» **Task description**
Look through the listing below and write out exactly the lines from the line with "(* Limit of" to the line with "zsign (m * l)%Z", both included, and no others.
· · ·
(* Let $\ell$ be a positive integer and $n$ an integer such that $n/\ell\in\mathbb Z$ and $n\ell+\ell^2>0$. For $u,v\in\mathbb C$, $\tau\in\mathbb H$ and $n',e'\in\mathbb C$ define $$\chi_{\mathsf T^{n,\ell}_{n',e'}}(u,v;\tau)=i(-1)^{\lfloor e'\rfloor}\frac{\theta_1(u;\tau)}{\eta(\tau)^3}\sum_{m\in\mathbb Z}(-1)^{m\ell}e^{2\pi i v(e'+m\ell)}e^{2\pi i u(n'+mn)}e^{2\pi i\tau\left(n'e'+\frac{e'^2}{2}+\frac{m^2}{2}(2n\ell+\ell^2)+m(ne'+n'\ell+\ell e')\right)},$$ where $\lfloor e'\rfloor$ is the largest integer less than or equal to the real part of $e'$. Then, writing $y=e^{2\pi i v}$, $z=e^{2\pi i u}$, $$\chi_{\mathsf T^{n,\ell}_{n',e'}}(u+1,v;\tau)=e^{2\pi i(n'-1/2)}\chi_{\mathsf T^{n,\ell}_{n',e'}}(u,v;\tau),\qquad \chi_{\mathsf T^{n,\ell}_{n',e'}}(u+\tau,v;\tau)=y^{-1}\chi_{\mathsf T^{n,\ell}_{n'-1,e'+1}}(u,v;\tau),$$ $$\chi_{\mathsf T^{n,\ell}_{n',e'}}(u,v+1;\tau)=e^{2\pi i e'}\chi_{\mathsf T^{n,\ell}_{n',e'}}(u,v;\tau),\qquad \chi_{\mathsf T^{n,\ell}_{n',e'}}(u,v+\tau;\tau)=z^{-1}\chi_{\mathsf T^{n,\ell}_{n'+1,e'}}(u,v;\tau),$$ and more generally, for every $\alpha\in\mathbb R$, $$\chi_{\mathsf T^{n,\ell}_{n',e'}}(u,v+\alpha\tau;\tau)=e^{-2\pi i\alpha u}\,\chi_{\mathsf T^{n,\ell}_{n'+\alpha,e'}}(u,v;\tau).$$
   Context: $\theta_1(u;\tau)=-i\sum_{n\in\mathbb Z}(-1)^n e^{\pi i(n+\frac12)^2\tau+2\pi i u(n+\frac12)}$ and $\eta(\tau)=e^{\pi i\tau/12}\prod_{j\ge1}(1-e^{2\pi i j\tau})$. The function $\chi_{\mathsf T^{n,\ell}_{n',e'}}$ is the character of the typical module $\mathsf T^{n,\ell}_{n',e'}$ of a W-superalgebra extending $\widehat{\mathfrak{gl}}(1|1)$; here it is taken as defined by the displayed formula (the series converges since $2n\ell+\ell^2>0$). *)

From Stdlib Require Import Reals ZArith.
From Coquelicot Require Import Coquelicot.

Open Scope C_scope.

Definition cexp (z : C) : C :=
  ((exp (Re z) * cos (Im z))%R, (exp (Re z) * sin (Im z))%R).

(* Limit of a complex sequence, taken componentwise (total; equals the true
   limit whenever the sequence converges). *)
Definition CLim (s : nat -> C) : C :=
  (real (Lim_seq (fun k => Re (s k))), real (Lim_seq (fun k => Im (s k)))).

Fixpoint csum (f : nat -> C) (n : nat) : C :=
  match n with
  | O => f O
  | S k => csum f k + f (S k)
  end.

Fixpoint cprod (f : nat -> C) (n : nat) : C :=
  match n with
  | O => 1
  | S k => cprod f k * f (S k)
  end.

(* Sum over Z: limit of the symmetric partial sums sum_{|k| <= N} f k. *)
Definition zsum (f : Z -> C) : C :=
  CLim (fun N => csum (fun k => f (Z.of_nat k - Z.of_nat N)%Z) (2 * N)).

Definition zsign (k : Z) : C := if Z.even k then 1 else -1.

Definition ZtoC (k : Z) : C := RtoC (IZR k).

Definition theta1 (u tau : C) : C :=
  - Ci * zsum (fun k =>
      zsign k * cexp (RtoC PI * Ci * (ZtoC k + /2) * (ZtoC k + /2) * tau
                      + 2 * RtoC PI * Ci * u * (ZtoC k + /2))).

Definition eta (tau : C) : C :=
  cexp (RtoC PI * Ci * tau / 12) *
  CLim (fun N => cprod (fun j => 1 - cexp (2 * RtoC PI * Ci * RtoC (INR j) * tau)) N).

Definition floorRe (z : C) : Z := Int_part (Re z).

Definition chiT (n l : Z) (n' e' u v tau : C) : C :=
  Ci * zsign (floorRe e') * theta1 u tau / (eta tau * eta tau * eta tau) *
  zsum (fun m =>
    zsign (m * l)%Z
    * cexp (2 * RtoC PI * Ci * v * (e' + ZtoC m * ZtoC l))
    * cexp (2 * RtoC PI * Ci * u * (n' + ZtoC m * ZtoC n))
    * cexp (2 * RtoC PI * Ci * tau *
        (n' * e' + e' * e' / 2
         + ZtoC m * ZtoC m / 2 * (2 * ZtoC n * ZtoC l + ZtoC l * ZtoC l)
         + ZtoC m * (ZtoC n * e' + n' * ZtoC l + ZtoC l * e')))).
· · ·
» **Response for this exercise**
(* Limit of a complex sequence, taken componentwise (total; equals the true
   limit whenever the sequence converges). *)
Definition CLim (s : nat -> C) : C :=
  (real (Lim_seq (fun k => Re (s k))), real (Lim_seq (fun k => Im (s k)))).

Fixpoint csum (f : nat -> C) (n : nat) : C :=
  match n with
  | O => f O
  | S k => csum f k + f (S k)
  end.

Fixpoint cprod (f : nat -> C) (n : nat) : C :=
  match n with
  | O => 1
  | S k => cprod f k * f (S k)
  end.

(* Sum over Z: limit of the symmetric partial sums sum_{|k| <= N} f k. *)
Definition zsum (f : Z -> C) : C :=
  CLim (fun N => csum (fun k => f (Z.of_nat k - Z.of_nat N)%Z) (2 * N)).

Definition zsign (k : Z) : C := if Z.even k then 1 else -1.

Definition ZtoC (k : Z) : C := RtoC (IZR k).

Definition theta1 (u tau : C) : C :=
  - Ci * zsum (fun k =>
      zsign k * cexp (RtoC PI * Ci * (ZtoC k + /2) * (ZtoC k + /2) * tau
                      + 2 * RtoC PI * Ci * u * (ZtoC k + /2))).

Definition eta (tau : C) : C :=
  cexp (RtoC PI * Ci * tau / 12) *
  CLim (fun N => cprod (fun j => 1 - cexp (2 * RtoC PI * Ci * RtoC (INR j) * tau)) N).

Definition floorRe (z : C) : Z := Int_part (Re z).

Definition chiT (n l : Z) (n' e' u v tau : C) : C :=
  Ci * zsign (floorRe e') * theta1 u tau / (eta tau * eta tau * eta tau) *
  zsum (fun m =>
    zsign (m * l)%Z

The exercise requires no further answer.